The reason I said originally that I think Roberts pays attention to scholarly opinion of “his” Court is that scholarly opinion leads, in many important respects, the media filterers who tell the public what the Court’s “reputation” is. The CBS piece tends to confirm the Roberts is listening. Moreover, as you repeatedly say that it is right and proper to take the “reputation” of the Court into account, I don’t understand any reason you should question whether this is true or not. So, I don’t think we can find the gist of our disagreement on the issue of Roberts attention to the “reputation” of his Court, aka, scholarly and public opinion.
I assert that the Chief was influenced by the concerns that public opinion would be swayed by the President and many legal scholars eager to discredit “his” court should the ACA fall. Is there any evidence of this? Well, yes, there is plenty of evidence that Roberts could anticipate a forceful attack on the Court.
Let’s start with President helping the public to perceive the Court in a negative way regarding Citizens United by berating the Justices at his State of the Union address. Then let’s consider the President's remarks in the Rose Garden in April about how overturning a proper law (the ACA), which he claimed was enacted by “strong majorities,” would be "unprecedented." (I won’t comment on the inaccuracy of the description about how the ACA passed, but one in Robert’s position would likely need to consider the fact that these facts were spun in the way they were spun when deciding how the “reputation” of the Court might be challenged or affected should the ACA go down.)
So, now we come to the point. How can we say it would be "ok" for the Chief to switch his vote to overturn the mandate, not on principled grounds but because he thought upholding it to be “strategic” and in the interest of preserving the “reputation” of the Court. (Concomitantly, how could we say its “ok” to hold that the mandate violates the Commerce Clause, if one does not believe it, in order to get to a majority that saves the ACA? (Praise is owed to J. Ginsburg! )
I don't think caring about evaluations of the Court justifies a vote when you don’t think that vote is the right decision based on the facts and law.
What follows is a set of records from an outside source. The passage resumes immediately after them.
(* Let $T$ be a tree on $n\geq 3$ vertices having exactly $p$ pendant vertices (vertices of degree $1$). Then $$\mathrm{rank}(\mathrm{Max4PC}_T)=2(n-p).$$
   Context: For a tree $T$ with vertex set $V$, $|V|=n$, let $d_{x,y}$ denote the distance (number of edges on the path) between vertices $x,y$ in $T$. The maximum four point condition matrix $\mathrm{Max4PC}_T$ is the $\binom{n}{2}\times\binom{n}{2}$ matrix whose rows and columns are indexed by the $2$-element subsets of $V$, and whose entry in the row indexed by $\{w,x\}$ and the column indexed by $\{y,z\}$ is $$\max\{d_{w,x}+d_{y,z},\ d_{w,y}+d_{x,z},\ d_{w,z}+d_{x,y}\}.$$ *)

From HB Require Import structures.
From mathcomp Require Import all_boot all_order all_algebra.
Set Implicit Arguments. Unset Strict Implicit. Unset Printing Implicit Defensive.
Import Order.TTheory GRing.Theory Num.Theory.

Section Defs.
Variable V : finType.
Variable e : rel V.

(* A simple graph on V is given by a symmetric irreflexive relation e. *)
Definition connected_graph : Prop := forall x y : V, connect e x y.

Definition acyclic_graph : Prop := forall c : seq V, ucycle e c -> size c < 3.

Definition is_tree : Prop :=
  [/\ symmetric e, irreflexive e, connected_graph & acyclic_graph].

Definition deg (x : V) : nat := #|[set y | e x y]|.

Definition npendant : nat := #|[set x | deg x == 1]|.

Definition walk_of_len (x y : V) (k : nat) : bool :=
  [exists t : k.-tuple V, path e x t && (last x t == y)].

(* distance: the least k such that there is a walk with k edges from x to y
   (for connected graphs some k < #|V| works; the value #|V| is a dummy
   default, never reached for connected graphs). *)
Definition dist (x y : V) : nat := find (walk_of_len x y) (iota 0 #|V|).

Definition max4 (w x y z : V) : nat :=
  maxn (dist w x + dist y z) (maxn (dist w y + dist x z) (dist w z + dist x y)).

(* entry for 2-element subsets A = {w,x}, B = {y,z}; max4 is invariant under
   swapping w,x or y,z, so the choice of enumeration order is irrelevant. *)
Definition max4pc_entry (A B : {set V}) : nat :=
  match enum A, enum B with
  | [:: w; x], [:: y; z] => max4 w x y z
  | _, _ => 0
  end.

Definition pairs := {A : {set V} | #|A| == 2}.

Definition Max4PC (R : nzRingType) : 'M[R]_(#|{: pairs}|) :=
  \matrix_(i, j) ((max4pc_entry (val (enum_val i)) (val (enum_val j)))%:R)%R.

End Defs.

From HB Require Import structures.
From mathcomp Require Import all_boot all_order all_algebra.
From mathcomp Require Import zify ring lra.
Set Implicit Arguments. Unset Strict Implicit. Unset Printing Implicit Defensive.
Import GRing.Theory Num.Theory.

(* Root the tree at a vertex [r] whose degree is not 1, write |x| for the depth
   of [x], and let the meet depth m(s) of a list [s] of vertices count the
   non-root common ancestors of [s].
   Then d(x, y) = |x| + |y| - 2 m(x, y), and since the ancestors of a vertex form
   a chain, among m(a, b), m(a, c), m(b, c) the minimum m(a, b, c) is attained
   twice. An elementary case analysis then gives
     max4(w, x, y, z) = |w| + |x| + |y| + |z| - 2 (sum of the four triple meets)
                        + 4 m(w, x, y, z).
   Writing each meet depth as a sum over vertices [v] of ancestor indicators
   factors Max4PC as X Y^T: the columns of X are indexed by the internal vertices
   [v] and a bit, and hold [v <= w /\ v <= x] and [v <= w \/ v <= x] (for the
   root, 1 and |w| + |x|); leaves contribute nothing, being ancestors of a single
   vertex. The columns of X and of Y are linearly independent, so the rank is
   twice the number of internal vertices, 2 (n - p). *)

Section Distance.
Variables (V : finType) (e : rel V).

Lemma walk_of_lenP x y k :
  reflect (exists2 s : seq V, size s = k & path e x s && (last x s == y))
          (walk_of_len e x y k).
Proof.
apply: (iffP existsP) => [[t Ht]|[s Hs Hp]]; first by exists (val t); rewrite ?size_tuple.
by exists (@Tuple k V s (introT eqP Hs)).
Qed.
And there is where we I believe disagree. I don’t think J. Roberts thought the tax rationale a persuasive reason to uphold the ACA. I think he used that rationale as a cover for upholding the ACA for political reasons.
If I am correct, and many agree with what I am saying here: Where are all those to decry “partisanship” (defined as “political leanings”) now that the case went “their way”?
Posted by: anon | July 01, 2012 at 07:54 PM
ONe postscript:
How will a Justice let us know when she considered public opinion as one of a series of factors into account in deciding that a statute was constitutional?
Opinions are designed to teach us the rationale of the Court, so that we can guide our actions accordingly.
Perhaps:
"I have decided that the taxing power of the United States, a marginal argument not accepted by any court below, should be adopted by me as the rule in this case. Should I do otherwise, Rachel Maddow may think less of me and tell everyone I'm a partisan. I may be thought of just like Scalia! This would be unacceptable. I've been reading the polls, and I've decided to take into account the reputation of my Court with the public. I've so decided, based on 'evidence' of popular opinion, not in the record to be sure and not known in anything more than a fleeting sense. I realize that 'public opinion' doesn't really exist in any real sense, but, my reputation is at stake."